1. **Increasing demux concurrency (c=12, c=16)** — Every experiment
   with higher demux concurrency was worse than baseline.  The intuition
   "more threads = more throughput" pointed in the wrong direction for
   this memory-bandwidth-bound stage.

2. **Larger batch sizes (alone)** — Batch=32 without other optimizations
   only yielded +5%.  However, batch=32 combined with the full MTP +
   concurrency tuning stack was competitive (1,301 sps).

3. **CPU decode** — CPU-based FFmpeg decode with demux c=4 reached
   ~1,060 sps — competitive but ~20% below NVDEC configurations.

4. **torch.compile** — Added compilation warmup with no steady-state
   improvement.  The model (R3D-18 at 112×112) is too compute-light for
   compilation to matter.

5. **Streaming demux** — Both streaming demux variants crashed or stalled.

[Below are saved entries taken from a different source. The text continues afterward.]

(* Let $r\geq 2$ be an integer and $C>1$. Let $\epsilon'>0$ be sufficiently small compared to $C^{-3}6^{-r}$ (i.e. $0<\epsilon'<\epsilon_0$ for a suitable $\epsilon_0=\epsilon_0(r,C)>0$), and let $n_0$ be sufficiently large. Let $G$ be a complete $r$-partite graph with parts $X_1,\ldots,X_r$, each of size at least $n_0$, whose edges are colored yellow, pink and white, such that: (1) $|X_1|\geq |X_2|\geq\cdots\geq |X_r|$; (2) $\frac{1}{C}\leq \frac{|X_i|}{|X_j|}\leq C$ for all $i,j\in[r]$; (3) for all $i,j\in[r]$ with $1\leq j<i$ and every $v\in X_i$, the vertex $v$ is incident to at most $\left(\frac{1}{r-1}-\frac{\epsilon' C^3}{r-1}\right)|X_j|$ pink edges going to $X_j$; (4) the total number of yellow edges is at most $\epsilon' 6^{-r}\sum_{1\leq i<j\leq r}|X_i||X_j|$. Then $G$ contains a copy of $K_r$ all of whose edges are white.
   Context: $[r]=\{1,\ldots,r\}$. $K_r$ denotes the complete graph on $r$ vertices. *)

From HB Require Import structures.
From mathcomp Require Import all_boot all_order all_algebra.
From mathcomp Require Import reals.
Set Implicit Arguments. Unset Strict Implicit. Unset Printing Implicit Defensive.

Inductive color := Yellow | Pink | White.

Definition color_eqb (a b : color) : bool :=
  match a, b with
  | Yellow, Yellow | Pink, Pink | White, White => true
  | _, _ => false
  end.

Lemma color_eqP : Equality.axiom color_eqb.
Proof. by move=> [] []; constructor. Qed.

HB.instance Definition _ := hasDecEq.Build color color_eqP.

(* A complete r-partite graph is given by a finite vertex type T together with
   a part map [part : T -> 'I_r]; X_i = part^{-1}(i) and u,v are adjacent iff
   part u != part v. An edge colouring is a symmetric map col : T -> T -> color
   (its values on non-edges are irrelevant). Parts are indexed 0..r-1 instead
   of 1..r. *)

Definition part_set (T : finType) (r : nat) (part : T -> 'I_r) (i : 'I_r) : {set T} :=
  [set v | part v == i].

Definition pink_deg (T : finType) (r : nat) (part : T -> 'I_r)
  (col : T -> T -> color) (v : T) (j : 'I_r) : nat :=
  #|[set u | (part u == j) && (col v u == Pink)]|.

Definition yellow_edges (T : finType) (r : nat) (part : T -> 'I_r)
  (col : T -> T -> color) : nat :=
  #|[set p : T * T | (part p.1 < part p.2)%N && (col p.1 p.2 == Yellow)]|.

Definition has_white_Kr (T : finType) (r : nat) (part : T -> 'I_r)
  (col : T -> T -> color) : Prop :=
  exists f : 'I_r -> T, forall i j : 'I_r, i != j ->
    part (f i) != part (f j) /\ col (f i) (f j) = White.

From HB Require Import structures.
From mathcomp Require Import all_boot all_order all_algebra.
From mathcomp Require Import reals.
From mathcomp Require Import ring zify.
Set Implicit Arguments. Unset Strict Implicit. Unset Printing Implicit Defensive.
Import Order.TTheory GRing.Theory Num.Theory.

(* The white K_r is chosen greedily, one vertex per part, from the last part
   down to the first. With d = eps' C^3 / (r - 1), call a vertex low-yellow if
   it has fewer than d |X_k| yellow neighbours in every earlier part X_k; all
   chosen vertices are low-yellow. By (3), each chosen vertex has fewer than
   |X_m| / (r - 1) non-white neighbours in the current part X_m. Summing yellow
   degrees towards earlier parts, (2) and (4) show that fewer than
   |X_m| / (r - 1) vertices of X_m are not low-yellow: one factor C compares
   |X_k| with |X_m|, two more bound the sum in (4) by r^2 (C |X_m|)^2, and
   6^r exceeds r^2 (r - 1)^2. For m > 1 at most r - 2 vertices have been chosen,
   and X_1 has no earlier part, so in both cases some vertex of X_m survives. *)

Lemma leq_card_bigcup (T I : finType) (P : pred I) (A : I -> {set T}) :
  #|\bigcup_(i | P i) A i| <= \sum_(i | P i) #|A i|.
Proof.
apply: (big_ind2 (fun (X : {set T}) n => #|X| <= n)) => [|X1 n1 X2 n2 le1 le2|//].
  by rewrite cards0.
exact: leq_trans (leq_card_setU X1 X2) (leq_add le1 le2).
Qed.

Lemma card_pairs_sum (T : finType) (P : T -> T -> bool) :
  #|[set p : T * T | P p.1 p.2]| = \sum_(v : T) #|[set u | P u v]|.
Proof.
rewrite -sum1_card big_mkcond /= (eq_bigr (fun p : T * T => (P p.1 p.2 : nat))); last first.
  by move=> p _; rewrite inE; case: (P _ _).
rewrite -(pair_big xpredT xpredT (fun u v => (P u v : nat))) exchange_big /=.
apply: eq_bigr => v _; rewrite -sum1_card [RHS]big_mkcond /=.
by apply: eq_bigr => u _; rewrite inE; case: (P _ _).
Qed.

Lemma card_ord_gt (r m : nat) : #|[pred i : 'I_r | m < i]| = r - m.+1.
Proof.
rewrite -sum1_card.
have := @big_geq_mkord _ 0 addn m.+1 r xpredT (fun _ => 1).
by rewrite sum_nat_const_nat muln1 => <-.
Qed.

Lemma leq_exp4_exp6 (r : nat) : r ^ 4 <= 6 ^ r.
Proof.
elim: r => [|[|[|[|r]]] IH] //.
by rewrite expnS; apply: leq_trans (leq_mul (leqnn 6) IH); nia.
Qed.

Section GreedyClique.
Variables (T : finType) (r : nat) (part : T -> 'I_r) (col : T -> T -> color).
Hypothesis col_sym : forall u v, col u v = col v u.

Definition nonwhite_nbhd (v : T) (j : 'I_r) : {set T} :=
  [set u | (part u == j) && (col v u != White)].

Definition yellow_deg (v : T) (j : 'I_r) : nat :=
  #|[set u | (part u == j) && (col v u == Yellow)]|.

Definition lower_yellow_deg (v : T) : nat :=
  #|[set u | (part u < part v) && (col v u == Yellow)]|.

Lemma card_nonwhite_nbhd v j :
  #|nonwhite_nbhd v j| = pink_deg part col v j + yellow_deg v j.
Proof.
rewrite /pink_deg /yellow_deg -cardsUI.
have -> : [set u | (part u == j) && (col v u == Pink)]
          :&: [set u | (part u == j) && (col v u == Yellow)] = set0.
  by apply/setP => u; rewrite !inE; case: (col v u); rewrite !andbF.
rewrite cards0 addn0; apply: eq_card => u; rewrite !inE.
by case: (col v u); rewrite ?andbF ?andbT ?orbF.
Qed.

Lemma yellow_deg_le_lower v (k : 'I_r) : k < part v -> yellow_deg v k <= lower_yellow_deg v.
Proof.
move=> lt_k; apply: subset_leq_card; apply/subsetP => u.
by rewrite !inE => /andP[/eqP-> ->]; rewrite lt_k.
Qed.

Lemma yellow_edges_sum : yellow_edges part col = \sum_v lower_yellow_deg v.
Proof.
rewrite /yellow_edges (card_pairs_sum (fun u v => (part u < part v) && (col u v == Yellow))).
by apply: eq_bigr => v _; apply: eq_card => u; rewrite !inE col_sym.
Qed.

Lemma white_extension (good : pred T) (m : 'I_r) (f : 'I_r -> T) :
  #|[set u | (part u == m) && ~~ good u]|
    + \sum_(i : 'I_r | m < i) #|nonwhite_nbhd (f i) m| < #|part_set part m| ->
  exists2 u, part u = m /\ good u & forall i : 'I_r, m < i -> col (f i) u = White.
Proof.
move=> lt_card.
pose blocked := [set u | (part u == m) && ~~ good u]
                :|: \bigcup_(i : 'I_r | m < i) nonwhite_nbhd (f i) m.
have /subsetPn[u] : ~~ (part_set part m \subset blocked).
  apply: contraTN lt_card => sub; rewrite -leqNgt.
  apply: leq_trans (subset_leq_card sub) (leq_trans (leq_card_setU _ _) _).
  by rewrite leq_add2l leq_card_bigcup.
rewrite !inE => /eqP pu; rewrite pu eqxx /= negb_or negbK => /andP[gu notin].
exists u; first by split.
move=> i mi; apply/eqP; apply: contraNT notin => nw.
by apply/bigcupP; exists i => //; rewrite inE pu eqxx nw.
Qed.

Lemma greedy_white_Kr (good : pred T) (x0 : T) :
  (forall (m : 'I_r) (f : 'I_r -> T),
     (forall i : 'I_r, m < i -> part (f i) = i /\ good (f i)) ->
     exists2 u, part u = m /\ good u & forall i : 'I_r, m < i -> col (f i) u = White) ->
  has_white_Kr part col.
Proof.
move=> extend.
pose white_from k (f : 'I_r -> T) := forall i : 'I_r, k <= i ->
  [/\ part (f i) = i, good (f i)
    & forall j : 'I_r, k <= j -> i != j -> col (f i) (f j) = White].
suff /(_ r (leqnn r)) [f] : forall n, n <= r -> exists f, white_from (r - n) f.
  rewrite subnn => Hf; exists f => i j ij.
  have [pi _ wi] := Hf i isT; have [pj _ _] := Hf j isT.
  by split; [rewrite pi pj | exact: wi].
elim=> [_|n IH lt_nr].
  by exists (fun _ => x0) => i; rewrite subn0 leqNgt ltn_ord.
have [f Hf] := IH (ltnW lt_nr).
have lt_mr : r - n.+1 < r by lia.
pose m := Ordinal lt_mr.
have from_m i : m < i -> r - n <= i by rewrite /=; lia.
have lt_of_ne (i : 'I_r) : r - n.+1 <= i -> i != m -> m < i.
  move=> le_mi; apply: contraNT; rewrite -leqNgt => le_im.
  by apply/eqP/val_inj/eqP; rewrite /= eqn_leq le_im.
have [|u [pu gu] wu] := extend m f.
  by move=> i /from_m /Hf [].
exists (fun k => if k == m then u else f k) => i /lt_of_ne le_mi.
case: (eqVneq i m) => [-> | ne_im]; last first.
  have [pi gi wi] := Hf i (from_m i (le_mi ne_im)).
  split=> // j /lt_of_ne le_mj ij; case: (eqVneq j m) => [_ | ne_jm].
    exact: wu (le_mi ne_im).
  exact: wi (from_m j (le_mj ne_jm)) ij.
split=> // j /lt_of_ne le_mj; rewrite eq_sym => ne_jm.
by rewrite (negbTE ne_jm) col_sym; apply: wu; apply: le_mj.
Qed.

End GreedyClique.

Local Open Scope ring_scope.

Section LowYellow.
Variables (R : realFieldType) (T : finType) (r : nat).
Variables (part : T -> 'I_r) (col : T -> T -> color).
Hypothesis col_sym : forall u v, col u v = col v u.

Definition low_yellow (d : R) : pred T := fun v =>
  [forall k : 'I_r, (k < part v)%N ==>
     ((yellow_deg part col v k)%:R < d * #|part_set part k|%:R)].

Lemma card_nonwhite_nbhd_lt (K d : R) v (j : 'I_r) :
  (j < part v)%N -> low_yellow d v ->
  (pink_deg part col v j)%:R <= (K^-1 - d) * #|part_set part j|%:R ->
  #|nonwhite_nbhd part col v j|%:R < #|part_set part j|%:R / K.
Proof.
move=> lt_j /forallP /(_ j); rewrite lt_j /= => yellow_lt pink_le.
rewrite card_nonwhite_nbhd natrD mulrC.
by rewrite -[K^-1](subrK d) mulrDl ler_ltD.
Qed.

Lemma card_not_low_yellow_le (d a : R) (m : 'I_r) :
  0 <= d ->
  (forall k, a <= #|part_set part k|%:R) ->
  #|[set v | (part v == m) && ~~ low_yellow d v]|%:R * (d * a)
    <= (yellow_edges part col)%:R.
Proof.
move=> d_ge0 a_le; rewrite (yellow_edges_sum part col_sym) natr_sum.
set Bad := [set v | _]; rewrite (bigID (mem Bad)) /= mulr_natl -sumr_const.
rewrite -[leLHS]addr0 lerD ?sumr_ge0 // ler_sum // => v.
rewrite inE => /andP[_ /forallPn[k]]; rewrite negb_imply -leNgt => /andP[lt_k deg_ge].
apply: le_trans (ler_wpM2l d_ge0 (a_le k)) (le_trans deg_ge _).
by rewrite ler_nat yellow_deg_le_lower.
Qed.

End LowYellow.

Section ColouringConditions.
Variables (R : realFieldType) (C eps : R) (T : finType) (r : nat).
Variables (part : T -> 'I_r) (col : T -> T -> color).

Local Notation N k := (#|part_set part k|%:R : R).
Local Notation K := (r.-1%:R : R).
Local Notation d := (eps * C ^+ 3 / K).
Local Notation Bad m := [set v | (part v == m) && ~~ low_yellow part col d v].

Hypotheses (col_sym : forall u v, col u v = col v u) (r_ge2 : (2 <= r)%N).
Hypotheses (C_gt1 : 1 < C) (eps_gt0 : 0 < eps).
Hypothesis part_ratio : forall i j : 'I_r, C^-1 <= N i / N j /\ N i / N j <= C.
Hypothesis pink_small : forall i j : 'I_r, (j < i)%N -> forall v, part v = i ->
  (pink_deg part col v j)%:R <= (K^-1 - d) * N j.
Hypothesis yellow_few : (yellow_edges part col)%:R
  <= eps * (6%:R ^+ r)^-1 * \sum_(i < r) \sum_(j < r | (i < j)%N) N i * N j.

Let K_gt0 : 0 < K. Proof. by rewrite ltr0n; case: (r) r_ge2 => [|[]]. Qed.

Lemma part_card_gt0 k : 0 < N k.
Proof.
have := (part_ratio k k).1; rewrite lt0r ler0n andbT; apply: contraTneq => ->.
by rewrite mul0r -ltNge invr_gt0 (lt_trans ltr01 C_gt1).
Qed.

Lemma part_card_le k m : N k <= C * N m.
Proof. by rewrite -ler_pdivrMr ?part_card_gt0 // (part_ratio k m).2. Qed.

Lemma yellow_edges_le m :
  (yellow_edges part col)%:R <= eps * (r%:R ^+ 2 / 6%:R ^+ r) * (C * N m) ^+ 2.
Proof.
apply: le_trans yellow_few _.
have -> : eps * (r%:R ^+ 2 / 6%:R ^+ r) * (C * N m) ^+ 2
        = eps * (6%:R ^+ r)^-1 * \sum_(i < r) \sum_(j < r) (C * N m) ^+ 2.
  by rewrite !sumr_const card_ord; ring.
rewrite ler_pM2l ?mulr_gt0 ?invr_gt0 ?exprn_gt0 // ler_sum // => i _.
rewrite [leLHS]big_mkcond ler_sum // => j _; case: ifP => _; last exact: sqr_ge0.
by rewrite expr2 ler_pM ?ler0n ?part_card_le.
Qed.

Lemma card_not_low_yellow_lt m : #|Bad m|%:R < N m / K.
Proof.
have Nm_gt0 := part_card_gt0 m.
set q : R := r%:R ^+ 2 / 6%:R ^+ r.
have qK_lt1 : q * K ^+ 2 < 1.
  have : ((r * r.-1) ^ 2 < 6 ^ r)%N.
    have r_gt0 : (0 < r)%N by apply: leq_trans r_ge2.
    apply: leq_trans (leq_exp4_exp6 r).
    by rewrite -[4%N]/(2 * 2)%N expnM ltn_exp2r // -mulnn ltn_pmul2l // ltn_predL.
  rewrite -(ltr_nat R) !natrX natrM exprMn => lt6.
  by rewrite mulrAC ltr_pdivrMr ?exprn_gt0 ?ltr0n // mul1r.
have C_gt0 : 0 < C := lt_trans ltr01 C_gt1.
have d_ge0 : 0 <= d by rewrite !mulr_ge0 ?exprn_ge0 ?invr_ge0 ?ltW.
have a_le k : N m / C <= N k by rewrite ler_pdivrMr // mulrC part_card_le.
have := le_trans (card_not_low_yellow_le col_sym m d_ge0 a_le) (yellow_edges_le m).
set b := #|Bad m|%:R.
have -> : b * (d * (N m / C)) = eps * C ^+ 2 * N m * (b / K).
  by field; rewrite (gt_eqF K_gt0) (gt_eqF C_gt0).
have -> : eps * q * (C * N m) ^+ 2 = eps * C ^+ 2 * N m * (q * N m) by ring.
rewrite ler_pM2l ?mulr_gt0 ?exprn_gt0 // ler_pdivrMr // => b_le.
apply: le_lt_trans b_le _; rewrite ltr_pdivlMr //.
by rewrite (_ : _ * K * K = q * K ^+ 2 * N m) ?gtr_pMl //; ring.
Qed.

Lemma card_blocked_lt (m : 'I_r) (f : 'I_r -> T) :
  (forall i : 'I_r, (m < i)%N -> part (f i) = i /\ low_yellow part col d (f i)) ->
  (#|Bad m| + \sum_(i : 'I_r | (m < i)%N) #|nonwhite_nbhd part col (f i) m|
     < #|part_set part m|)%N.
Proof.
move=> chosen; rewrite -(ltr_nat R) natrD natr_sum.
set c := N m / K.
have nw_lt (i : 'I_r) : (m < i)%N -> #|nonwhite_nbhd part col (f i) m|%:R < c.
  move=> lt_mi; have [pf low] := chosen i lt_mi.
  by apply: card_nonwhite_nbhd_lt low (pink_small lt_mi pf); rewrite pf.
have sum_c : \sum_(i : 'I_r | (m < i)%N) c = c *+ (r - m.+1).
  by rewrite sumr_const card_ord_gt.
have Nm : N m = c *+ r.-1 by rewrite -[c *+ _]mulr_natr divfK // gt_eqF.
have c_ge0 : 0 <= c by rewrite divr_ge0 ?ler0n // ltW.
case: (posnP m) => [m0 | m_gt0].
  have -> : #|Bad m| = 0%N.
    apply: eq_card0 => v; rewrite !inE; case: eqP => //= pv.
    by apply/negbF/forallP => k; rewrite pv m0.
  rewrite add0r Nm (_ : r.-1 = r - m.+1)%N; last by rewrite m0 subn1.
  rewrite -sum_c; apply: ltr_sum => //; apply/hasP.
  by exists (Ordinal r_ge2); rewrite ?mem_index_enum //= m0.
apply: lt_le_trans (ltr_leD (card_not_low_yellow_lt m) (_ : _ <= c *+ (r - m.+1))) _.
  by rewrite -sum_c; apply: ler_sum => i /nw_lt /ltW.
rewrite -mulrS [leRHS]Nm; apply: ler_wpMn2l => //; have := ltn_ord m; lia.
Qed.

Lemma white_Kr_exists : has_white_Kr part col.
Proof.
have [x0 _] : exists x0, x0 \in part_set part (Ordinal (ltnW r_ge2)).
  by apply/card_gt0P; rewrite -(ltr0n R) part_card_gt0.
apply: (greedy_white_Kr col_sym (good := low_yellow part col d) x0) => m f chosen.
exact/white_extension/card_blocked_lt.
Qed.

End ColouringConditions.

Theorem lemma3 (R : realType) (r : nat) (C : R) :
  (2 <= r)%N -> 1 < C ->
  exists eps0 : R, 0 < eps0 /\
  forall eps' : R, 0 < eps' -> eps' < eps0 ->
  exists n0 : nat,
  forall (T : finType) (part : T -> 'I_r) (col : T -> T -> color),
    (forall u v, col u v = col v u) ->
    (forall i : 'I_r, (n0 <= #|part_set part i|)%N) ->
    (* (1) *)
    (forall i j : 'I_r, (i <= j)%N -> (#|part_set part j| <= #|part_set part i|)%N) ->
    (* (2) *)
    (forall i j : 'I_r,
        C^-1 <= (#|part_set part i|)%:R / (#|part_set part j|)%:R
        /\ (#|part_set part i|)%:R / (#|part_set part j|)%:R <= C) ->
    (* (3) *)
    (forall i j : 'I_r, (j < i)%N -> forall v : T, part v = i ->
        (pink_deg part col v j)%:R
          <= ((r.-1)%:R^-1 - eps' * C ^+ 3 / (r.-1)%:R) * (#|part_set part j|)%:R) ->
    (* (4) *)
    (yellow_edges part col)%:R
      <= eps' * (6%:R ^+ r)^-1 *
         \sum_(i < r) \sum_(j < r | (i < j)%N)
            (#|part_set part i|)%:R * (#|part_set part j|)%:R ->
    has_white_Kr part col.
Proof.
move=> r_ge2 C_gt1; exists 1; split=> [|eps eps_gt0 _]; first exact: ltr01.
exists 0%N => T part col col_sym _ _ part_ratio pink_small yellow_few.
exact: white_Kr_exists col_sym r_ge2 C_gt1 eps_gt0 part_ratio pink_small yellow_few.
Qed.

6. **Priority executor** — Provided no improvement over standard
   ThreadPoolExecutor configurations.


Pipeline Architecture: Before and After
----------------------------------------

**Before** (single process, 195 sps):

.. code-block:: python

   pipeline = (
       PipelineBuilder()
       .add_source(source, continuous=True)
       .pipe(dataset.__getitem__, concurrency=8, executor=fetch_executor)
       .disaggregate()
       .pipe(Demux(...), concurrency=8, executor=demux_executor)
       .pipe(nvdec_decode, concurrency=16, executor=decode_executor)
       .aggregate(batch_size, drop_last=True)
       .pipe(collate)
       .add_sink(buffer_size=3)
       .build(num_threads=2)
   )

**After** (MTP subprocess split, 1,368 sps):

.. code-block:: python

   # Backend (subprocess) — CPU-only: fetch → disaggregate → demux
   backend = (
       PipelineBuilder()
       .add_source(source, continuous=True)
       .pipe(partial(_fetch_sample, dataset=dataset), concurrency=num_fetch_threads)
       .disaggregate()
       .pipe(
           partial(_demux_sample, label_to_index=label_to_index, ...),
           concurrency=3,  # not 8 — memory-bandwidth contention
       )
       .add_sink(buffer_size=3)
   )

   source2 = spdl.pipeline.run_pipeline_in_subprocess(
       backend.get_config(),
       num_threads=max(num_fetch_threads, num_demux_threads),
       mp_context="forkserver",
   )

   # Frontend (main process) — GPU NVDEC decode → aggregate → collate
   frontend = (
       PipelineBuilder()
       .add_source(source2, continuous=True)
       .pipe(nvdec_decode, concurrency=7, executor=decode_executor)  # match H100 HW slots
       .aggregate(batch_size, drop_last=True)
       .pipe(collate)
       .add_sink(buffer_size=5)
   )
   pipeline = frontend.build(num_threads=2)


Progress
--------

The following plot shows throughput, step time, SM utilization, job
duration, and raw SM utilization across all 111 experiments.  Green dots
mark improvements over the running best.  The dashed blue line shows the
headspace ceiling (3,405 samples/s steady-state compute floor).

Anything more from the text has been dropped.